Around 321 hectares (790 acres) of land around Wase is conserved for wildlife development and serves as a bird sanctuary - local species include the Rossy White Pelican. The protected land includes Wase Rock, a massive dome-shaped inselberg of volcanic origin standing at 350m in height, making it visible from a distance of some 40 km (25 miles).

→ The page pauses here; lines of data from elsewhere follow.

(* Let $\partial:L_1\to L_0$ be a crossed module of Lie algebras. (i) For each $c\in L_1$, $(\partial(c),\xi_c)\in\mathbf Z_0(L_* )$, where $\xi_c(t)=-t\cdot c$. (ii) The linear map $\delta:L_1\to\mathbf Z_0(L_* )$, $\delta(c)=(\partial(c),\xi_c)$, together with the bilinear map $\mathbf Z_0(L_* )\times\mathbf Z_0(L_* )\to L_1$, $\{(x,\xi),(y,\eta)\}:=\xi(y)$, satisfies, for all $a\in L_1$, $u,v,w\in\mathbf Z_0(L_* )$: $\{\delta a,u\}+\{u,\delta a\}=0$, $\delta\{u,u\}=0$ and $\{u,\delta\{v,w\}\}+\{w,\delta\{u,v\}\}+\{v,\delta\{w,u\}\}=0$; hence (with $[u,v]:=\delta\{u,v\}$ on $\mathbf Z_0(L_* )$ and $[a,b]:=\{\delta a,\delta b\}$ on $L_1$) it is a braided crossed module of Lie algebras, called the centre $\mathbf Z_*(L_* )$ of $L_*$.
   Context: All vector spaces over a field $k$ of characteristic $\neq2$. A crossed module of Lie algebras is a Lie algebra homomorphism $\partial:L_1\to L_0$ with an action $(x,a)\mapsto x\cdot a$ of $L_0$ on the Lie algebra $L_1$ (i.e. $[x,y]\cdot a=x\cdot(y\cdot a)-y\cdot(x\cdot a)$, $x\cdot[a,b]=[x\cdot a,b]+[a,x\cdot b]$) such that $\partial(x\cdot a)=[x,\partial a]$ and $\partial(a)\cdot b=[a,b]$. $\mathbf Z_0(L_* )$ is the vector space (under componentwise operations) of pairs $(x,\xi)$ with $x\in L_0$ and $\xi:L_0\to L_1$ a linear map such that for all $s,t\in L_0$, $a\in L_1$: $\partial\xi(t)=[x,t]$; $\xi(\partial a)=x\cdot a$; $\xi([s,t])=s\cdot\xi(t)-t\cdot\xi(s)$. A braided crossed module of Lie algebras is a Lie algebra homomorphism $\partial:M_1\to M_0$ with a bilinear map $\{-,-\}:M_0\times M_0\to M_1$ such that $\partial\{x,y\}=[x,y]$, $\{\partial a,\partial b\}=[a,b]$, $\{\partial a,x\}+\{x,\partial a\}=0$, $\{x,[y,z]\}+\{z,[x,y]\}+\{y,[z,x]\}=0$. *)

From HB Require Import structures.
From mathcomp Require Import all_boot all_algebra.
From mathcomp Require Import functions.
Set Implicit Arguments. Unset Strict Implicit. Unset Printing Implicit Defensive.
Import GRing.Theory.
Local Open Scope ring_scope.

Definition lin (k : fieldType) (U V : lmodType k) (f : U -> V) : Prop :=
  forall (a : k) (x y : U), f (a *: x + y) = a *: f x + f y.

Definition subspace (k : fieldType) (V : lmodType k) (S : V -> Prop) : Prop :=
  S 0 /\ forall (a : k) x y, S x -> S y -> S (a *: x + y).

Definition bilinear_on (k : fieldType) (V W : lmodType k) (S : V -> Prop)
  (b : V -> V -> W) : Prop :=
  (forall (a : k) x y z, S x -> S y -> S z ->
      b (a *: x + y) z = a *: b x z + b y z) /\
  (forall (a : k) x y z, S x -> S y -> S z ->
      b z (a *: x + y) = a *: b z x + b z y).

Definition lie_on (k : fieldType) (V : lmodType k) (S : V -> Prop)
  (br : V -> V -> V) : Prop :=
  [/\ subspace S,
      (forall x y, S x -> S y -> S (br x y)),
      bilinear_on S br,
      (forall x, S x -> br x x = 0) &
      (forall x y z, S x -> S y -> S z ->
          br x (br y z) + br y (br z x) + br z (br x y) = 0)].

Definition lie_alg (k : fieldType) (V : lmodType k) (br : V -> V -> V) : Prop :=
  lie_on (fun _ => True) br.

Definition crossed_module (k : fieldType) (L1 L0 : lmodType k)
  (br1 : L1 -> L1 -> L1) (br0 : L0 -> L0 -> L0)
  (d : L1 -> L0) (act : L0 -> L1 -> L1) : Prop :=
  [/\ lie_alg br1 /\ lie_alg br0,
      lin d /\ (forall a b, d (br1 a b) = br0 (d a) (d b)),
      (forall (a : k) x y z, act (a *: x + y) z = a *: act x z + act y z)
        /\ (forall (a : k) x y z, act z (a *: x + y) = a *: act z x + act z y),
      (forall x y a, act (br0 x y) a = act x (act y a) - act y (act x a))
        /\ (forall x a b, act x (br1 a b) = br1 (act x a) b + br1 a (act x b)) &
      (forall x a, d (act x a) = br0 x (d a))
        /\ (forall a b, act (d a) b = br1 a b)].

Definition Z0 (k : fieldType) (L1 L0 : lmodType k)
  (br0 : L0 -> L0 -> L0) (d : L1 -> L0) (act : L0 -> L1 -> L1)
  (u : (L0 * (L0 -> L1))%type) : Prop :=
  [/\ lin u.2,
      (forall t, d (u.2 t) = br0 u.1 t),
      (forall a, u.2 (d a) = act u.1 a) &
      (forall s t, u.2 (br0 s t) = act s (u.2 t) - act t (u.2 s))].

Definition zdelta (k : fieldType) (L1 L0 : lmodType k)
  (d : L1 -> L0) (act : L0 -> L1 -> L1) (c : L1) : (L0 * (L0 -> L1))%type :=
  (d c, fun t => - act t c).

Definition zbraid (k : fieldType) (L1 L0 : lmodType k)
  (u v : (L0 * (L0 -> L1))%type) : L1 := u.2 v.1.

Definition braided_xmod_on (k : fieldType) (M1 M0 : lmodType k)
  (S0 : M0 -> Prop) (br1 : M1 -> M1 -> M1) (br0 : M0 -> M0 -> M0)
  (d : M1 -> M0) (bb : M0 -> M0 -> M1) : Prop :=
  [/\ lie_alg br1, lie_on S0 br0,
      [/\ (forall a, S0 (d a)), lin d & (forall a b, d (br1 a b) = br0 (d a) (d b))],
      bilinear_on S0 bb &
      [/\ (forall x y, S0 x -> S0 y -> d (bb x y) = br0 x y),
          (forall a b, bb (d a) (d b) = br1 a b),
          (forall a x, S0 x -> bb (d a) x + bb x (d a) = 0) &
          (forall x y z, S0 x -> S0 y -> S0 z ->
              bb x (br0 y z) + bb z (br0 x y) + bb y (br0 z x) = 0)]].

From HB Require Import structures.
From mathcomp Require Import all_boot all_algebra.
From mathcomp Require Import functions boolp.
Import GRing.Theory.
Local Open Scope ring_scope.

(* Everything follows from the defining identities by direct computation;
   the only non-obvious observation is that for (x, xi) in Z_0 the element
   xi(x) is invariant under the action of L0 ([Z0_invariant]): expanding
   xi([x, t]) in two ways (by the derivation rule and through xi o d = x . -)
   gives t . xi(x) = 0.  This kills delta{u, u}, while the braided Jacobi
   identity reduces, after expanding each term with the rules of Z_0, to a
   telescoping sum ([Z0_braid_jacobi]). *)

Set Implicit Arguments.

Section LinearMaps.
Variables (k : fieldType) (U V : lmodType k) (f : U -> V).
Hypothesis f_lin : lin f.

Lemma lin0 : f 0 = 0.
Proof.
have f00 := f_lin 1 0 0; rewrite scaler0 addr0 scale1r in f00.
by apply: (@addrI _ (f 0)); rewrite addr0 -f00.
Qed.

Lemma linD x y : f (x + y) = f x + f y.
Proof. by have := f_lin 1 x y; rewrite !scale1r. Qed.

Lemma linZ a x : f (a *: x) = a *: f x.
Proof. by have := f_lin a x 0; rewrite !addr0 lin0 addr0. Qed.

Lemma linN x : f (- x) = - f x.
Proof. by rewrite -scaleN1r linZ scaleN1r. Qed.
End LinearMaps.

(* An alternating bilinear bracket is antisymmetric (in any characteristic). *)
Lemma lie_antisym (k : fieldType) (V : lmodType k) (br : V -> V -> V) :
  lie_alg br -> forall x y, br x y = - br y x.
Proof.
case=> _ _ [br_linl br_linr] br_alt _ x y.
have linl z : lin (br ^~ z) by move=> a u v; exact: br_linl.
have linr z : lin (br z) by move=> a u v; exact: br_linr.
have := br_alt (x + y) I.
rewrite (linD (linl _)) !(linD (linr _)) !br_alt // add0r addr0.
by move/eqP; rewrite addr_eq0 => /eqP.
Qed.

Section Centre.
Variables (k : fieldType) (L1 L0 : lmodType k).
Variables (br1 : L1 -> L1 -> L1) (br0 : L0 -> L0 -> L0).
Variables (d : L1 -> L0) (act : L0 -> L1 -> L1).

Hypothesis lie1 : lie_alg br1.
Hypothesis lie0 : lie_alg br0.
Hypothesis d_lin : lin d.
Hypothesis act_linl :
  forall (a : k) x y z, act (a *: x + y) z = a *: act x z + act y z.
Hypothesis act_linr :
  forall (a : k) x y z, act z (a *: x + y) = a *: act z x + act z y.
Hypothesis act_br : forall x y a, act (br0 x y) a = act x (act y a) - act y (act x a).
Hypothesis d_act : forall x a, d (act x a) = br0 x (d a).
Hypothesis peiffer : forall a b, act (d a) b = br1 a b.

Local Notation Z := (Z0 br0 d act).
Local Notation delta := (zdelta d act).
Local Notation bb := (@zbraid k L1 L0).

Lemma act_lin_left z : lin (act ^~ z).
Proof. by move=> a x y; exact: act_linl. Qed.

Lemma act_lin_right z : lin (act z).
Proof. by move=> a x y; exact: act_linr. Qed.

Lemma zdelta_in_Z0 c : Z (delta c).
Proof.
split=> /=.
- move=> a x y.
  by rewrite (linD (act_lin_left _)) (linZ (act_lin_left _)) opprD scalerN.
- by move=> t; rewrite (linN d_lin) d_act lie_antisym // opprK.
- by move=> a; rewrite peiffer lie_antisym // opprK.
- by move=> s t; rewrite act_br !(linN (act_lin_right _)) opprB opprK addrC.
Qed.

Lemma Z0_subspace : subspace Z.
Proof.
case: lie0 => _ _ [br0_linl br0_linr] _ _.
split.
  split=> /=.
  - by move=> a x y; rewrite scaler0 addr0.
  - move=> t; have br0_lin : lin (br0 ^~ t) by move=> a x y; exact: br0_linl.
    by rewrite (lin0 d_lin) (lin0 br0_lin).
  - by move=> a; rewrite (lin0 (act_lin_left _)).
  - by move=> s t; rewrite !(lin0 (act_lin_right _)) subrr.
move=> a x y [xi_lin xi_d xi_da xi_br] [eta_lin eta_d eta_da eta_br].
(* Linear combinations in L0 x (L0 -> L1) are computed componentwise. *)
have -> : a *: x + y = (a *: x.1 + y.1, fun t => a *: x.2 t + y.2 t) by [].
split=> /=.
- move=> b s t; rewrite xi_lin eta_lin !scalerDr !scalerA mulrC addrACA.
  by rewrite -scalerA.
- by move=> t; rewrite (linD d_lin) (linZ d_lin) xi_d eta_d br0_linl.
- by move=> b; rewrite xi_da eta_da act_linl.
- move=> s t; rewrite xi_br eta_br !(linD (act_lin_right _)).
  by rewrite !(linZ (act_lin_right _)) scalerBr opprD addrACA.
Qed.

Lemma zdelta_lin : lin delta.
Proof.
move=> a x y; congr pair; first exact: d_lin.
by apply: funext => t /=; rewrite act_linr opprD scalerN.
Qed.

(* The braiding is bilinear on Z_0; in the second variable this uses the
   linearity of the second component. *)
Lemma zbraid_bilinear : bilinear_on Z bb.
Proof.
split=> a x y z _ _ Zz; first by [].
by case: Zz => zeta_lin _ _ _; rewrite /zbraid /= zeta_lin.
Qed.

Lemma Z0_invariant u t : Z u -> act t (u.2 u.1) = 0.
Proof.
case=> _ xi_d xi_da xi_br.
have := xi_br u.1 t; rewrite -xi_da xi_d => /eqP.
by rewrite -subr_eq0 opprB addrC subrK => /eqP.
Qed.

Lemma zbraid_delta_delta a b : bb (delta a) (delta b) = br1 a b.
Proof. by rewrite /zbraid /= peiffer lie_antisym // opprK. Qed.

Lemma zbraid_delta_swap a u : Z u -> bb (delta a) u + bb u (delta a) = 0.
Proof. by case=> _ _ xi_da _; rewrite /zbraid /= xi_da addNr. Qed.

Lemma zdelta_zbraid_diag u : Z u -> delta (bb u u) = 0.
Proof.
move=> Zu; case: (Zu) => _ xi_d _ _.
rewrite /zbraid /zdelta xi_d; case: lie0 => _ _ _ br0_alt _.
rewrite br0_alt //; congr pair.
by apply: funext => t /=; rewrite Z0_invariant // oppr0.
Qed.

Lemma Z0_braid_jacobi u v w : Z u -> Z v -> Z w ->
  bb u (delta (bb v w)) + bb w (delta (bb u v)) + bb v (delta (bb w u)) = 0.
Proof.
move=> [_ xi_d _ xi_br] [eta_lin eta_d eta_da _] [_ zeta_d zeta_da _].
rewrite /zbraid /=.
have first_term : u.2 (d (v.2 w.1)) = v.2 (br0 u.1 w.1) - w.2 (br0 u.1 v.1).
  by rewrite eta_d xi_br -eta_da -zeta_da !xi_d.
have third_term : v.2 (d (w.2 u.1)) = - v.2 (br0 u.1 w.1).
  by rewrite zeta_d lie_antisym // (linN eta_lin).
by rewrite first_term xi_d third_term subrK subrr.
Qed.

Lemma Z0_lie : lie_on Z (fun u v => delta (bb u v)).
Proof.
have deltaD x y : delta (x + y) = delta x + delta y := linD zdelta_lin x y.
split.
- exact: Z0_subspace.
- by move=> u v _ _; exact: zdelta_in_Z0.
- have [bb_linl bb_linr] := zbraid_bilinear.
  by split=> a x y z Zx Zy Zz; rewrite -zdelta_lin ?bb_linl ?bb_linr.
- exact: zdelta_zbraid_diag.
- move=> x y z Zx Zy Zz.
  rewrite -!deltaD -(lin0 zdelta_lin); congr delta.
  by rewrite -addrA [X in _ + X]addrC addrA; exact: Z0_braid_jacobi.
Qed.

Lemma centre_braided_xmod :
  braided_xmod_on Z (fun a b => bb (delta a) (delta b))
                    (fun u v => delta (bb u v)) delta bb.
Proof.
have bracket1 : (fun a b => bb (delta a) (delta b)) = br1.
  by apply: funext => a; apply: funext => b; exact: zbraid_delta_delta.
rewrite bracket1; split=> //.
- exact: Z0_lie.
- split=> //; [exact: zdelta_in_Z0 | exact: zdelta_lin |].
  by move=> a b; rewrite -bracket1.
- exact: zbraid_bilinear.
- split=> //; [exact: zbraid_delta_delta | exact: zbraid_delta_swap |].
  exact: Z0_braid_jacobi.
Qed.
End Centre.

Theorem theorem4p3 (k : fieldType) (hk : (2%:R : k) != 0)
  (L1 L0 : lmodType k) (br1 : L1 -> L1 -> L1) (br0 : L0 -> L0 -> L0)
  (d : L1 -> L0) (act : L0 -> L1 -> L1) :
  crossed_module br1 br0 d act ->
  let Z := Z0 br0 d act in
  let delta := zdelta d act in
  let bb := @zbraid k L1 L0 in
  (forall c : L1, Z (delta c)) /\
  (forall a u, Z u -> bb (delta a) u + bb u (delta a) = 0) /\
  (forall u, Z u -> delta (bb u u) = 0) /\
  (forall u v w, Z u -> Z v -> Z w ->
     bb u (delta (bb v w)) + bb w (delta (bb u v)) + bb v (delta (bb w u)) = 0) /\
  braided_xmod_on Z (fun a b => bb (delta a) (delta b))
                    (fun u v => delta (bb u v)) delta bb.
Proof.
case=> [[lie1 lie0] [d_lin _] [act_linl act_linr] [act_br _] [d_act peiffer]].
move=> Z delta bb.
split; first exact: (zdelta_in_Z0 act
  lie1 lie0 d_lin act_linl act_linr act_br d_act peiffer).
split; first exact: zbraid_delta_swap.
split; first exact: (zdelta_zbraid_diag lie0).
split; first exact: (Z0_braid_jacobi lie0).
exact: (centre_braided_xmod act
  lie1 lie0 d_lin act_linl act_linr act_br d_act peiffer).
Qed.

The region is renowned for its mining activities due to a high concentration of lead, zinc, tin and other minerals. This has attracted considerable interest from Chinese investors who have constructed few local bridges and other infrastructure close to Wase's mining sites, although these services have not always reached the local community.

Population
The 2006 census population of Wase LGA was 159,861. There is a near-equal gender distribution (50.3% male) and a predominantly youthful population - 47.3% are younger than 15, whereas only 2.7% are aged 65 and over. The ethnic groups in Wase are the Hausa/Fulanis, Yankam, Tarok, Jukuns, and Boghoms. The major religions are Islam, Christianity, and the traditional African religion.

Local government council
The main tribal groups in the local council are the Fulani people ruled by an Emir, (Yankam) Basharawa people ruled by the Rekna, who use the Yankham language, and the Tarok ruled by Ponzhi. Emirs are selected by a council of seven kingmakers.
The 13th Emir of Wase was Alhaji (Dr.) Haruna Abdullahi Maikano.  He was nominated three months after the death of his father in September 2001, although this was not confirmed until the following year. 
He was assisted by the Rekna of Bashar, Alh. Adamu Idris, in conducting the affairs of the traditional council, who rule in the absence of the emir.
Haruna Abdullah died in September 2010 at the age of 64.
Alh Dr Muhammadu Sambo Haruna replaced late Dr Haruna Abdullah as the 14th Emir of Wase with effect from 28 October 2010.

Political Division
Administratively, Wase was divided into four districts, namely: Wase, Bashar, Lamba, and Kadarko. Each of these districts is headed by a district head known as the "Hakimi", while the various towns and villages in the districts are headed by a chief known as "Sarki". 
Currently the Rekna of Bashar is the oldest paramount traditional ruler.